Speaking of potential, let me mention that it is incredibly sad that the government has offered nothing to the oil and gas sector. In fact, it has gone so far as to demonize the sector here in Canada and support the sector in other countries where there are no human rights protections, where there are no environmental protections and where there certainly is no revenue generated for us. The government would rather support places like Saudi Arabia than develop our own sector. It is sad.
The Liberals just had their policy convention. Many of the resolutions that were brought forward would certainly be applauded by last century's socialist leaders. It is hard to imagine the price tag of things like pharmacare and national basic income, but at the end of the day, Canadians are the ones who have to foot the bill. In fact, the Parliamentary Budget Officer calculated that a Liberal universal basic income would mean a 47% across-the-board increase in personal income tax.
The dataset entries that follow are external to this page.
(* $\overline{\mathcal M}_2=\mathcal M_2$; that is, every matroid with a real representation as a $2$-modular matrix also has a real representation as a totally $2$-modular matrix.
   Context: An integer matrix $A$ is $\Delta$-modular if the determinant of every $\operatorname{rank}(A)\times\operatorname{rank}(A)$ submatrix has absolute value at most $\Delta$, and totally $\Delta$-modular if the determinant of every square submatrix has absolute value at most $\Delta$. $\mathcal M_\Delta$ (resp. $\overline{\mathcal M}_\Delta$) is the class of matroids isomorphic to the real vector matroid of the columns of some $\Delta$-modular (resp. totally $\Delta$-modular) matrix. *)

From HB Require Import structures.
From mathcomp Require Import all_boot all_order all_algebra.
From mathcomp Require Import Rstruct.
From Stdlib Require Rdefinitions.
Set Implicit Arguments. Unset Strict Implicit. Unset Printing Implicit Defensive.
Import Order.TTheory GRing.Theory Num.Theory.
Local Open Scope ring_scope.

Definition is_matroid (E : finType) (I : {set E} -> bool) : Prop :=
  [/\ I set0,
      (forall X Y : {set E}, X \subset Y -> I Y -> I X) &
      (forall X Y : {set E}, I X -> I Y -> (#|X| < #|Y|)%N ->
         exists2 y, y \in Y :\: X & I (y |: X))].

Definition realmx (m n : nat) (A : 'M[int]_(m, n)) : 'M[Rdefinitions.R]_(m, n) :=
  map_mx (fun z : int => z%:~R) A.

Definition vec_indep (m n : nat) (A : 'M[int]_(m, n)) (S : {set 'I_n}) : bool :=
  \rank (\matrix_(i < m, j < #|S|) (realmx A) i (enum_val j)) == #|S|.

Definition iso_vec_matroid (E : finType) (I : {set E} -> bool)
  (m n : nat) (A : 'M[int]_(m, n)) : Prop :=
  exists phi : E -> 'I_n, bijective phi /\
    forall S : {set E}, I S = vec_indep A (phi @: S).

Definition Delta_modular (Delta : nat) (m n : nat) (A : 'M[int]_(m, n)) : Prop :=
  forall (f : 'I_(\rank (realmx A)) -> 'I_m) (g : 'I_(\rank (realmx A)) -> 'I_n),
    injective f -> injective g ->
    `|\det (\matrix_(i, j) A (f i) (g j))| <= Delta%:Z.

Definition totally_Delta_modular (Delta : nat) (m n : nat) (A : 'M[int]_(m, n)) : Prop :=
  forall (k : nat) (f : 'I_k -> 'I_m) (g : 'I_k -> 'I_n),
    injective f -> injective g ->
    `|\det (\matrix_(i, j) A (f i) (g j))| <= Delta%:Z.

Definition in_M (Delta : nat) (E : finType) (I : {set E} -> bool) : Prop :=
  exists (m n : nat) (A : 'M[int]_(m, n)), Delta_modular Delta A /\ iso_vec_matroid I A.

Definition in_Mbar (Delta : nat) (E : finType) (I : {set E} -> bool) : Prop :=
  exists (m n : nat) (A : 'M[int]_(m, n)),
    totally_Delta_modular Delta A /\ iso_vec_matroid I A.

From Pilot Require Import Defs.
From mathcomp Require Import all_boot all_order all_algebra.
From mathcomp Require Import all_fingroup zify Rstruct.
From Stdlib Require Import Classical.
Set Implicit Arguments. Unset Strict Implicit. Unset Printing Implicit Defensive.
Import Order.TTheory GRing.Theory Num.Theory.
Local Open Scope ring_scope.

(* Let A be 2-modular.  Keep a maximal set of independent rows: this gives a
   full-row-rank matrix A' with the same row space, hence the same vector
   matroid, whose maximal minors are maximal minors of A, so bounded by 2.
   Choose columns g1 whose minor D = det B is nonzero and divides every
   maximal minor of A' (possible because all these minors lie in
   {-2,...,2}: take a minor of absolute value 1 if there is one, and any
   nonzero minor otherwise).  By Cramer's rule the matrix B^-1 A' is then
   integral; call it the normal form M.  It has the same row space as A',
   contains the identity in columns g1, and every square submatrix of M can
   be completed with identity columns to a maximal minor of M, which equals
   a maximal minor of A' divided by D.  Hence M is totally 2-modular. *)

(* An injection of 'I_k into 'I_(k + l) extends to a permutation: list the
   image of f first, then its complement C in increasing order. *)
Lemma injection_perm_extension k l (f : 'I_k -> 'I_(k + l)) :
  injective f -> exists s : 'S_(k + l), forall j, s (lshift l j) = f j.
Proof.
move=> f_inj.
set C := ~: [set f j | j in [set: 'I_k]].
have card_C : #|C| = l.
  have := cardsC [set f j | j in [set: 'I_k]].
  by rewrite card_imset // cardsT !card_ord -/C; lia.
pose tau u := match split u with
  | inl j => f j | inr c => enum_val (cast_ord (esym card_C) c) end.
have tau_l j : tau (lshift l j) = f j.
  by rewrite /tau -[lshift l j]/(unsplit (inl j)) unsplitK.
have tau_r c : tau (rshift k c) = enum_val (cast_ord (esym card_C) c).
  by rewrite /tau -[rshift k c]/(unsplit (inr c)) unsplitK.
have tau_r_notin c j : f j != tau (rshift k c).
  rewrite tau_r; apply/eqP => E.
  have := enum_valP (cast_ord (esym card_C) c); rewrite -E inE.
  by rewrite imset_f ?inE.
have tau_inj : injective tau.
  move=> u v; rewrite -(splitK u) -(splitK v).
  case: (split u) => [j|c]; case: (split v) => [j'|c'] /=;
    rewrite -?/(lshift l _) -?/(rshift k _) ?tau_l ?tau_r.
  - by move=> /f_inj ->.
  - by move=> E; have := tau_r_notin c' j; rewrite tau_r E eqxx.
  - by move=> E; have := tau_r_notin c j'; rewrite tau_r E eqxx.
  - by move=> /enum_val_inj /cast_ord_inj ->.
by exists (perm tau_inj) => j; rewrite permE tau_l.
Qed.

Section DeterminantFacts.
Variable R : comPzRingType.

Lemma det_col_noninj m p n (X : 'M[R]_(m, p)) (f : 'I_n -> 'I_m)
    (h : 'I_n -> 'I_p) :
  ~ injective h -> \det (\matrix_(i, j) X (f i) (h j)) = 0.
Proof.
move=> h_noninj; have: ~~ injectiveb h by apply/negP => /injectiveP.
case/injectivePn => j1 [j2 ne_j12 eq_h].
rewrite -det_tr; apply: (determinant_alternate ne_j12) => i.
by rewrite !mxE eq_h.
Qed.

Lemma adj_mulmx_entry n p (B : 'M[R]_n) (Y : 'M[R]_(n, p)) a c :
  (\adj B *m Y) a c = \det (\matrix_(i, j) if j == a then Y i c else B i j).
Proof.
rewrite mxE (expand_det_col _ a); apply: eq_bigr => i _.
rewrite !mxE eqxx mulrC; congr (_ * _).
rewrite /cofactor; congr (_ * _); congr (\det _); apply/matrixP => u v.
by rewrite !mxE eq_sym (negPf (neq_lift _ _)).
Qed.

Lemma det_perm_conj n (s : 'S_n) (Q : 'M[R]_n) :
  \det (\matrix_(u, v) Q (s u) (s v)) = \det Q.
Proof.
have -> : \matrix_(u, v) Q (s u) (s v) = row_perm s (col_perm s Q).
  by apply/matrixP => u v; rewrite !mxE.
rewrite row_permE col_permE !det_mulmx !det_perm odd_permV.
by rewrite mulrCA -signr_addb addbb expr0 mulr1.
Qed.

Lemma det_complete_identity r k p (M : 'M[R]_(r, p)) (f : 'I_k -> 'I_r)
    (g : 'I_k -> 'I_p) (g1 : 'I_r -> 'I_p) :
  injective f -> (forall a b, M a (g1 b) = (a == b)%:R) ->
  \det (\matrix_(i, j) M (f i) (g j)) =
  \det (\matrix_(a, b) M a (if [pick j | f j == b] is Some j then g j
                            else g1 b)).
Proof.
move=> f_inj M_id.
have le_kr : (k <= r)%N.
  by rewrite -[k]card_ord -[r]card_ord; apply: leq_card f_inj.
have [l El] : exists l, r = (k + l)%N by exists (r - k)%N; rewrite subnKC.
subst r.
pose h b := if [pick j | f j == b] is Some j then g j else g1 b.
rewrite -[X in _ = \det X]/(\matrix_(a, b) M a (h b)).
(* Reorder rows and columns as the image of f followed by its complement. *)
have [s s_l] := injection_perm_extension f_inj.
have s_r_notin c j : f j != s (rshift k c).
  by rewrite -s_l (inj_eq perm_inj) eq_lrshift.
have h_im j : h (f j) = g j.
  rewrite /h; case: pickP => [j' /eqP /f_inj -> //|/(_ j)].
  by rewrite eqxx.
have h_compl c : h (s (rshift k c)) = g1 (s (rshift k c)).
  rewrite /h; case: pickP => [j' /eqP E|//].
  by have := s_r_notin c j'; rewrite E eqxx.
(* In this order the matrix is block lower triangular with identity block. *)
pose Q := \matrix_(u, v) (\matrix_(a, b) M a (h b)) (s u) (s v).
transitivity (\det Q); last exact: det_perm_conj.
rewrite -[Q](@submxK _ k l k l).
have -> : ursubmx Q = 0.
  apply/matrixP => i c; rewrite !mxE s_l h_compl M_id.
  by rewrite (negPf (s_r_notin c i)).
have -> : drsubmx Q = 1%:M.
  apply/matrixP => c c'; rewrite !mxE h_compl M_id.
  by rewrite (inj_eq perm_inj) eq_rshift.
rewrite det_lblock det1 mulr1; congr (\det _).
by apply/matrixP => i j; rewrite !mxE !s_l h_im.
Qed.

End DeterminantFacts.

Lemma col_select_mulmx (F : fieldType) m n q (X : 'M[F]_(m, n))
    (e : 'I_q -> 'I_n) :
  \matrix_(i, j) X i (e j) = X *m \matrix_(i, j) (i == e j)%:R.
Proof.
apply/matrixP => i j; rewrite !mxE (bigD1 (e j)) //= mxE eqxx mulr1.
by rewrite big1 ?addr0 // => u /negPf; rewrite mxE => ->; rewrite mulr0.
Qed.

Lemma iso_vec_matroid_eqmx (E : finType) (I : {set E} -> bool)
    m1 m2 n (A1 : 'M[int]_(m1, n)) (A2 : 'M[int]_(m2, n)) :
  (Defs.realmx A1 :=: Defs.realmx A2)%MS ->
  iso_vec_matroid I A2 -> iso_vec_matroid I A1.
Proof.
move=> eqA [phi [phi_bij I_phi]]; exists phi; split=> // S.
by rewrite I_phi /vec_indep !col_select_mulmx (eqmxMr _ eqA).
Qed.

Definition minor r n (A : 'M[int]_(r, n)) (g : 'I_r -> 'I_n) : int :=
  \det (\matrix_(i, j) A i (g j)).

Lemma minor_noninj r n (A : 'M[int]_(r, n)) g : ~ injective g -> minor A g = 0.
Proof. exact: det_col_noninj. Qed.

(* Normalizing A with respect to columns g1 whose minor D is nonzero and
   divides every maximal minor: the normal form is the integral matrix
   B^-1 A, B being the (invertible) submatrix of A on the columns g1. *)
Section NormalForm.
Variables (r n : nat) (A : 'M[int]_(r, n)) (g1 : 'I_r -> 'I_n).

Let B : 'M[int]_r := \matrix_(i, j) A i (g1 j).

(* By Cramer's rule, D * (B^-1 A) a c is the minor of A on columns g1 with
   the a-th one replaced by c. *)
Definition normal_form : 'M[int]_(r, n) :=
  \matrix_(a, c) (minor A (fun j => if j == a then c else g1 j) %/ minor A g1)%Z.

Hypothesis minor_g1_neq0 : minor A g1 != 0.
Hypothesis minor_g1_dvd : forall g, (minor A g1 %| minor A g)%Z.

Lemma mul_basis_normal_form : B *m normal_form = A.
Proof.
have adjE : \adj B *m A = minor A g1 *: normal_form.
  apply/matrixP => a c; rewrite adj_mulmx_entry !mxE mulrC divzK //.
  by rewrite /minor; congr (\det _); apply/matrixP => i j; rewrite !mxE; case: eqP.
have := congr1 (mulmx B) adjE.
rewrite mulmxA mul_mx_adj mul_scalar_mx -scalemxAr => /matrixP eq_scaled.
apply/matrixP => i j; apply: (mulfI minor_g1_neq0).
by have := eq_scaled i j; rewrite !mxE => <-.
Qed.

Lemma normal_form_basis a b : normal_form a (g1 b) = (a == b)%:R.
Proof.
rewrite mxE; case: eqP => [<-|/eqP ne_ab].
  have -> : minor A (fun j => if j == a then g1 a else g1 j) = minor A g1.
    by congr (\det _); apply/matrixP => i j; rewrite !mxE; case: eqP => [->|].
  by rewrite divzz minor_g1_neq0.
rewrite minor_noninj ?div0z // => h_inj.
by move: ne_ab; rewrite (h_inj a b) /= ?eqxx // eq_sym; case: eqP.
Qed.

Lemma minor_normal_form h : minor A g1 * minor normal_form h = minor A h.
Proof.
rewrite /minor -det_mulmx; congr (\det _); apply/matrixP => i b.
rewrite mxE -[in RHS]mul_basis_normal_form /B !mxE.
by apply: eq_bigr => j _; rewrite !mxE.
Qed.

(* Every square submatrix of the normal form extends to a maximal minor, so
   the normal form is totally Delta-modular when A is Delta-modular. *)
Lemma normal_form_totally_modular Delta :
  (forall g, injective g -> `|minor A g| <= Delta%:Z) ->
  totally_Delta_modular Delta normal_form.
Proof.
move=> A_mod k f g f_inj _.
rewrite (det_complete_identity g f_inj normal_form_basis).
pose h b := if [pick j | f j == b] is Some j then g j else g1 b.
rewrite -[X in `|\det X|]/(\matrix_(a, b) normal_form a (h b)).
change (`|minor normal_form h| <= Delta%:Z).
case: (injectiveP h) => [h_inj|/minor_noninj ->]; last by rewrite normr0.
have d_pos : 0 < `|minor A g1| by rewrite normr_gt0.
have := A_mod h h_inj; rewrite -minor_normal_form normrM.
move: d_pos; set x := minor normal_form h; set d := minor A g1; nia.
Qed.

(* Since B is invertible, the normal form has the row space of A. *)
Lemma normal_form_eqmx : (Defs.realmx normal_form :=: Defs.realmx A)%MS.
Proof.
have B_unit : Defs.realmx B \in unitmx.
  by rewrite unitmxE unitfE /Defs.realmx det_map_mx intr_eq0.
have -> : Defs.realmx A = Defs.realmx B *m Defs.realmx normal_form.
  by rewrite /Defs.realmx -map_mxM mul_basis_normal_form.
by apply/eqmx_sym/eqmxMfull; rewrite row_full_unit.
Qed.

End NormalForm.

Definition row_basis_submx m n (A : 'M[int]_(m, n)) :
    'M[int]_(\rank (Defs.realmx A), n) :=
  \matrix_(i, j) A (maxrankfun (Defs.realmx A) i) j.

Section RowBasis.
Variables (m n : nat) (A : 'M[int]_(m, n)).

Lemma row_basis_submx_eqmx :
  (Defs.realmx (row_basis_submx A) :=: Defs.realmx A)%MS.
Proof.
have -> : Defs.realmx (row_basis_submx A) =
          rowsub (maxrankfun (Defs.realmx A)) (Defs.realmx A).
  by apply/matrixP => i j; rewrite !mxE.
exact: eq_maxrowsub.
Qed.

(* Having full row rank, the row basis has a nonzero maximal minor. *)
Lemma row_basis_submx_minor_neq0 :
  exists g0, minor (row_basis_submx A) g0 != 0.
Proof.
set A' := row_basis_submx A.
have full_tr : row_full (Defs.realmx A')^T.
  by rewrite /row_full mxrank_tr row_basis_submx_eqmx.
set g0 := fullrankfun full_tr; exists g0; have := fullrowsub_unit full_tr.
have -> : rowsub g0 (Defs.realmx A')^T =
          (Defs.realmx (\matrix_(i, j) A' i (g0 j)))^T.
  by apply/matrixP => i j; rewrite !mxE.
by rewrite unitmxE unitfE det_tr det_map_mx intr_eq0.
Qed.

Lemma row_basis_submx_modular Delta : Delta_modular Delta A ->
  forall g, injective g -> `|minor (row_basis_submx A) g| <= Delta%:Z.
Proof.
move=> A_mod g g_inj; rewrite /minor.
have -> : \matrix_(i, j) row_basis_submx A i (g j) =
          \matrix_(i, j) A (maxrankfun (Defs.realmx A) i) (g j).
  by apply/matrixP => i j; rewrite !mxE.
exact/A_mod/g_inj/maxrankfun_inj.
Qed.

End RowBasis.

(* When all maximal minors lie in [-2, 2] and one is nonzero, some nonzero
   maximal minor divides all of them: one of absolute value 1 if it exists;
   otherwise every nonzero maximal minor has absolute value 2. *)
Lemma dividing_minor_2 r n (A : 'M[int]_(r, n)) :
  (exists g0, minor A g0 != 0) ->
  (forall g, injective g -> `|minor A g| <= 2) ->
  exists2 g1, minor A g1 != 0 & forall g, (minor A g1 %| minor A g)%Z.
Proof.
move=> [g0 g0_neq0] A_mod.
case: (classic (exists g, `|minor A g|%N = 1%N)) => [[g g_unit]|no_unit].
  exists g => [|g']; first by rewrite -absz_eq0 g_unit.
  by rewrite dvdzE g_unit dvd1n.
have minor_02 g : `|minor A g|%N = 0%N \/ `|minor A g|%N = 2%N.
  case: (injectiveP g) => [g_inj|/minor_noninj ->]; last by left.
  have := A_mod g g_inj; have ne1 : `|minor A g|%N <> 1%N.
    by move=> E; apply: no_unit; exists g.
  by move: ne1; lia.
exists g0 => // g; rewrite dvdzE.
have [E0|->] := minor_02 g0; first by move: g0_neq0; rewrite -absz_eq0 E0.
by have [->|->] := minor_02 g.
Qed.

Local Close Scope ring_scope.
Unset Implicit Arguments.

Theorem mainTheorem8 (E : finType) (I : {set E} -> bool) :
  is_matroid I -> (in_Mbar 2 I <-> in_M 2 I).
Proof.
move=> _; split.
  case=> m [n [A [A_tmod A_iso]]]; exists m, n, A; split=> //.
  move=> f g f_inj g_inj; exact: (A_tmod _ f g f_inj g_inj).
case=> m [n [A [A_mod A_iso]]].
set A' := row_basis_submx A.
have [g1 g1_neq0 g1_dvd] :=
  dividing_minor_2 (row_basis_submx_minor_neq0 A) (row_basis_submx_modular A_mod).
exists (\rank (Defs.realmx A)), n, (normal_form A' g1); split.
  apply: (normal_form_totally_modular g1_neq0 g1_dvd).
  exact: row_basis_submx_modular A_mod.
apply: (iso_vec_matroid_eqmx _ A_iso).
exact: eqmx_trans (normal_form_eqmx g1_neq0 g1_dvd) (row_basis_submx_eqmx A).
Qed.
Lemma s_sum (I : Type) (r : seq I) (P : pred I) (F : I -> K) :
  s (\sum_(i <- r | P i) F i) = \sum_(i <- r | P i) s (F i).
Proof. by apply: big_morph => //; apply/eqP; rewrite s_eq0. Qed.

Lemma iter_s_rt n : iter n s rt = xi ^+ n * rt.
Proof.
elim: n => [|n IHn]; first by rewrite mul1r.
by rewrite iterS IHn sM (mul_homX s_hom) s_xi s_rt exprS mulrCA mulrA.
Qed.

Lemma s_fixed_root1 y : y ^+ p = 1 -> s y = y.
Proof. by case/(prim_rootP xi_prim) => i ->; rewrite (mul_homX s_hom) s_xi. Qed.

Lemma s_sm1 y : y != 0 -> s y = y * sm1 s y.
Proof. by move=> ny; rewrite /sm1 mulrC divfK. Qed.

Lemma normJ_sm1 y : y != 0 -> normJ p s (sm1 s y) = 1.
Proof.
move=> ny; rewrite /normJ -(big_mkord xpredT (fun k => iter k s (sm1 s y))).
rewrite (@telescope_prodf_eq _ 0 p (fun k => iter k s y)) //= ?s_order ?divff //.
- by move=> k _; have [_ _ ->] := iter_hom k.
- move=> k _; have [_ iterM _] := iter_hom k.
  by rewrite /sm1 iterM (mul_homV (iter_hom k)) -iterSr.
Qed.

Definition pnorm (c : K) k := \prod_(m < k) iter m s c.

Lemma pnormS c k : pnorm c k.+1 = c * s (pnorm c k).
Proof. by rewrite /pnorm big_ord_recl (mul_hom_prod s_hom). Qed.

Definition resolvent (z th : K) := \sum_(i < p) pnorm z i * iter i s th.

Lemma resolvent_fixed z th :
  normJ p s z = 1 -> z * s (resolvent z th) = resolvent z th.
Proof.
move=> norm_z; pose G i := pnorm z i * iter i s th.
have G_p : G p = G 0%N by rewrite /G [pnorm z p]norm_z s_order /pnorm big_ord0.
rewrite /resolvent s_sum mulr_sumr (eq_bigr (fun i : 'I_p => G i.+1)); last first.
  by move=> i _; rewrite /G pnormS sM mulrA.
have recl : \sum_(i < p.+1) G i = G 0%N + \sum_(i < p) G i.+1 by rewrite big_ord_recl.
by apply: (addrI (G 0%N)); rewrite -recl big_ord_recr /= G_p addrC.
Qed.

(* sum_m resolvent z (rt^m) rt^-m = p, because sigma^i rt = xi^i rt. *)
Lemma resolvent_rt_neq0 z : exists m, resolvent z (rt ^+ m) != 0.
Proof.
have [/existsP[m res_m] | /existsPn res0] :=
  boolP [exists m : 'I_p, resolvent z (rt ^+ m) != 0]; first by exists m.
case/negP: (prim_root_natf_neq0 xi_prim); apply/eqP.
have <- : \sum_(m < p) resolvent z (rt ^+ m) * rt ^- m = 0.
  by apply: big1 => m _; rewrite (eqP (negPn (res0 m))) mul0r.
rewrite (eq_bigr (fun m : 'I_p => \sum_(i < p) pnorm z i * (xi ^+ i) ^+ m)); last first.
  move=> m _; rewrite mulr_suml; apply: eq_bigr => i _.
  by rewrite (mul_homX (iter_hom i)) iter_s_rt exprMn exprAC -mulrA mulfK ?expf_neq0.
rewrite exchange_big /=.
rewrite (eq_bigr (fun i : 'I_p => pnorm z i * if val i == 0%N then p%:R else 0)).
  rewrite (bigD1 (Ordinal p_gt0)) //= big1 ?addr0 /pnorm ?big_ord0 ?mul1r //.
  by move=> i ne_i0; rewrite ifN ?mulr0.
by move=> i _; rewrite -mulr_sumr sum_expr_prim_root.
Qed.

Lemma hilbert90 z : z != 0 -> normJ p s z = 1 -> exists2 c, c != 0 & s c = z * c.
Proof.
move=> nz norm_z; have [m res_m] := resolvent_rt_neq0 z.
exists (resolvent z (rt ^+ m))^-1; first by rewrite invr_eq0.
by rewrite (mul_homV s_hom) -{2}(resolvent_fixed _ norm_z) invfM mulrA mulfV ?mul1r.
Qed.

Lemma normJM x y : normJ p s (x * y) = normJ p s x * normJ p s y.
Proof.
rewrite /normJ -big_split; apply: eq_bigr => k _.
by have [_ -> _] := iter_hom k.
Qed.

Lemma normJV x : normJ p s x^-1 = (normJ p s x)^-1.
Proof. by rewrite /normJ -prodfV; apply: eq_bigr => k _; rewrite (mul_homV (iter_hom k)). Qed.

Lemma normJ_neq0 x : x != 0 -> normJ p s x != 0.
Proof.
move=> nx; rewrite /normJ prodf_seq_neq0; apply/allP => k _.
by have [_ _ ->] := iter_hom k.
Qed.

Lemma normJ_fixed g : g != 0 -> s (normJ p s g) = normJ p s g.
Proof.
move=> ng; have -> : s (normJ p s g) = normJ p s (s g).
  by rewrite (mul_hom_prod s_hom); apply: eq_bigr => k _; rewrite -iterSr.
by rewrite s_sm1 // normJM normJ_sm1 // mulr1.
Qed.

Section Twisted.
Variables (y f c : K).
Hypotheses (c_neq0 : c != 0) (s_f : s f = f) (s_y : s y = y * f * c ^+ p).

Lemma iter_twisted k : iter k s y = y * f ^+ k * pnorm c k ^+ p.
Proof.
elim: k => [|k IHk]; first by rewrite /pnorm big_ord0 expr1n !mulr1.
by rewrite iterS IHk !sM !(mul_homX s_hom) s_f s_y pnormS exprS exprMn; ring.
Qed.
That means if someone sees $1,000 come off their cheque right now every month, they would be seeing $1,470 come off their paycheque then. That is a lot of money. That is the thing about government spending. It always costs the taxpayer. It always costs the Canadian worker because when those sorts of socialist policies are put in place, taxes have to come up. When taxes come up, it creates an environment that is unfriendly to businesses. Then those businesses actually leave the country. When they leave the country their jobs go with them and when the jobs go with them, the unemployment rate goes up. It is an incredibly detrimental place to put our country.
The often speaks of building back better and creating a more equal society. With this plan of unending spending and historic borrowing he will, in fact, create a more equal society. No doubt about it, we will be more equally poor. Is that really the Canada we want? Margaret Thatcher was asked about her policies when she was the prime minister in the U.K. She said, “what the honourable member is saying is that he would rather the poor were poorer, provided that the rich were less rich.” That is the policy of the government. It would rather that the poor are poorer, as long as the rich are less rich. That is not the Canada that the citizens of this great nation want. That is not the Canada that I can support because greater things are possible, because Canadians are capable of great things. Canadians need a prime minister who sees the solution for what it is, and it is not the government. It is the people. It is Canadians who are the problem solvers, the solution makers and the wealth generators. Canadian workers are the ones who will get Canada back on track.
In 1921, architect John A. Pearson commissioned the following scripture to be engraved over the west window of the Peace Tower in West Block: “Where there is no vision, the people perish”. Right now, Canadians are looking for a leader with vision. They want to see a leader who has a plan, a strategy to restore this country to the powerhouse nation that it can be and has always been intended to be. The answer is Canadians. The solution right now is a leader who has vision to see the answer.
:
Madam Speaker, I am pleased to address the government's financial and economic response to the pandemic as we are doing in the debate on Bill . Obviously the pandemic caught the world by surprise, not just folks in Canada following up on the 2019 election.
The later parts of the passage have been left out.